In addition, when the drum cartridge containing the charging roller that was placed in the low temperature environment is installed in the main body of the device that has been placed in the normal temperature environment, or vice versa, the detected temperature of the temperature sensor and the actual charging roller temperature Is different.

  For this reason, the peak-to-peak voltage set based on the high voltage table A (Table 1) may be too low or too high, and there is a possibility that the charging failure or the life of the photosensitive member or the like may be reduced.

  An object of the present invention is to provide an image forming apparatus capable of setting an appropriate AC voltage even when the temperature detected by the temperature sensor of the main body does not match the temperature of the charging roller.

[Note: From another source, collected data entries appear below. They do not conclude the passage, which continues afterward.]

Lemma sum_probX_cell a (f : bool -> R) :
  \sum_X probX th X * f (X a.1 a.2) = bernoulli_mean (p a) f.
Proof.
transitivity (\sum_X probX th X * \prod_b (if b == a then f (X b.1 b.2) else 1)).
  by apply: eq_bigr => X _; rewrite prod_if_eq.
rewrite (sum_probX_prod (fun b x => if b == a then f x else 1)).
rewrite -[RHS](prod_if_eq a (fun b => bernoulli_mean (p b) f)).
by apply: eq_bigr => b _; case: eqP => // _; rewrite bernoulli_mean1.
Qed.

Lemma sum_probX_cells a b (f g : bool -> R) : a != b ->
  \sum_X probX th X * (f (X a.1 a.2) * g (X b.1 b.2))
  = bernoulli_mean (p a) f * bernoulli_mean (p b) g.
Proof.
move=> neq_ab; pose h c x := (if c == a then f x else 1) * (if c == b then g x else 1).
transitivity (\sum_X probX th X * \prod_c h c (X c.1 c.2)).
  by apply: eq_bigr => X _; rewrite big_split /= !prod_if_eq.
rewrite (sum_probX_prod h) -(prod_if_eq a (fun c => bernoulli_mean (p c) f)).
rewrite -(prod_if_eq b (fun c => bernoulli_mean (p c) g)) -big_split /=.
apply: eq_bigr => c _; rewrite /h /bernoulli_mean.
case: (eqVneq c a) => [-> | _]; first by rewrite (negbTE neq_ab); ring.
by case: eqP => _; ring.
Qed.

Definition centered (X : 'M[bool]_(m, n)) (a : 'I_m * 'I_n) : R := (X a.1 a.2)%:R - p a.

Lemma sum_probX_indicator a : \sum_X probX th X * (X a.1 a.2)%:R = p a.
Proof. by rewrite (sum_probX_cell a (fun x => x%:R)) /bernoulli_mean /=; ring. Qed.

Lemma pN_mul_subr a : p a * (1 - p a) = uN th a.1 a.2.
Proof.
rewrite /pN /uN; set e := expR _.
by field; rewrite gt_eqF // ltr_pwDr ?expR_gt0.
Qed.
Lemma tx_wanted_cached_src t k : tx_receives t k -> ~~ sf_uncached (tx_wanted t k) (tx_src t).
Proof.
move=> rk; rewrite /sf_uncached tx_wanted_val //= in_setU1 negb_or.
case/andP: rk => _ ku; rewrite eq_sym ku /=.
by case: t {ku} => -[[D u] i] tP; have /andP [_ /mult_gt0_notin] := tP.
Qed.

Lemma sf_deliveryP p k : sf_uncached p k ->
  tx_receives (sf_delivery p k) k /\ tx_wanted (sf_delivery p k) k = p.
Proof.
move=> kC; have /andP [/eqP C4 zC] := valP p.
have C_k : #|lead_slots (val p).1| = #|slots (val p).1 k| by rewrite (card_lead_slots C4 kC).
have := transfer_in C_k zC; rewrite inE => /andP [zC' _].
have rk : tx_receives (sf_delivery p k) k.
  rewrite /tx_receives sf_delivery_val //= !inE eqxx /=.
  by apply: contraNneq zC' => <-.
split=> //; apply: val_inj; rewrite tx_wanted_val // /wanted_raw sf_delivery_val //= setD1K //.
by rewrite -surjective_pairing transferK // [RHS]surjective_pairing.
Qed.

Lemma tx_wanted_delivery t k : tx_receives t k -> sf_delivery (tx_wanted t k) k = t.
Proof.
move=> rk; have C4 := card_tx_setU1 rk.
apply: val_inj; rewrite sf_delivery_val ?tx_wanted_uncached // /delivery_raw.
rewrite tx_wanted_val //= transferK.
- by case: t rk {C4} => -[[D u] i] tP /= /andP [kD _]; rewrite setU1K.
- by rewrite (card_lead_slots (k := k) C4) ?setU11.
- exact: tx_slot.
Qed.

End Design.

Section Counting.

Variable m : nat.
Implicit Types (D : {set user m}) (k u : user m) (t : transmission m) (p : subfile m).

Lemma card_user : #|{: user m}| = 4 * m.
Proof. by rewrite card_prod !card_ord mulnC. Qed.

Lemma sum_lt_mult (c : bool) D u : \sum_(i < 4) (c && (i < mult D u)) = c * mult D u.
Proof.
case: c; last by rewrite big1.
by rewrite mul1n -card_set_sum card_ord_lt ?mult_le4.
Qed.

Lemma card_transmission :
  #|{: transmission m}| = 4 * m * (24 * (m - 1) * (m - 2) + 48 * (m - 1) + 4).
Proof.
transitivity (\sum_(u : user m) \sum_(D : {set user m}) (#|D| == 3) * mult D u).
  rewrite card_sig card_sumE sum_pair [LHS]sum_pair exchange_big; apply: eq_bigr => u _.
  by apply: eq_bigr => D _; rewrite -sum_lt_mult; apply: eq_bigr => i _; rewrite inE.
under eq_bigr do rewrite sum_mult_triples.
by rewrite sum_nat_const card_user.
Qed.

Definition nreceived k := #|[set t : transmission m | tx_receives t k]|.

Lemma nreceivedE k : nreceived k =
  \sum_(D : {set user m}) \sum_(u : user m) ((#|D| == 3) && (k \notin D) && (k != u)) * mult D u.
Proof.
rewrite /nreceived /tx_receives.
rewrite (@card_sig_set _ (@is_transmission m) (fun x => (k \notin x.1.1) && (k != x.1.2))).
rewrite card_set_sum sum_pair sum_pair.
apply: eq_bigr => D _; apply: eq_bigr => u _; rewrite -sum_lt_mult.
apply: eq_bigr => i _; rewrite /is_transmission /=.
by case: (#|D| == 3); case: (k \notin D); case: (k != u); case: (i < mult D u).
Qed.

Lemma nreceived_relabel s r k : nreceived (relabel s r k) = nreceived k.
Proof.
rewrite !nreceivedE (reindex_inj (imset_inj (@relabel_inj m s r))) /=.
apply: eq_bigr => D _; rewrite (reindex_inj (@relabel_inj m s r)) /=.
apply: eq_bigr => u _.
rewrite mult_relabel card_imset ?mem_relabel ?(inj_eq (@relabel_inj m s r)) //.
exact: relabel_inj.
Qed.

(* Group-preserving relabellings act transitively on users. *)
Lemma nreceived_const k k' : nreceived k' = nreceived k.
Proof.
have -> : k' = relabel (tperm k.1 k'.1) (tperm k.2 k'.2) k.
  by rewrite /relabel !tpermL -surjective_pairing.
exact: nreceived_relabel.
Qed.

Lemma card_receivers t : #|[set k : user m | tx_receives t k]| = 4 * m - 4.
Proof.
case: t => -[[D u] i] tP; have /andP [/eqP D3 /mult_gt0_notin uD] := tP.
have -> : [set k | tx_receives (exist _ (D, u, i) tP) k] = ~: (u |: D).
  by apply/setP => k; rewrite !inE negb_or andbC.
by rewrite cardsCs setCK cardsU1 uD D3 card_user.
Qed.

Lemma sum_nreceived : \sum_(k : user m) nreceived k = (4 * m - 4) * #|{: transmission m}|.
Proof. exact: (@sum_card_rel _ _ (fun k t => tx_receives t k) _ card_receivers). Qed.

  In order to achieve the above object, the image forming apparatus of the present invention comprises an image carrier, a charging roller that contacts the image carrier and charges the image carrier, and after exposing the charged image carrier, A toner image forming unit that forms a toner image on the image carrier by attaching toner; a power source that outputs a voltage in which a DC voltage is superimposed on an AC voltage; and an AC current that flows between the power source and the charging roller A detection member for detecting the voltage, and applying a voltage having a predetermined frequency and a predetermined peak-to-peak voltage from the power source to the charging roller during the image formation period to charge the image carrier, and the toner image forming unit A controller configured to form a toner image on an image carrier, and a plurality of test alternating voltages having different test peak voltages applied sequentially to the charging roller in a period preceding the image forming period to detect the detection; With parts A test execution unit that executes a test mode for detecting each of the alternating currents, and the test execution unit maintains a linear relationship between the frequency and the alternating current obtained in the test mode. The predetermined peak-to-peak voltage is set based on a specific frequency that is the maximum frequency to be transmitted.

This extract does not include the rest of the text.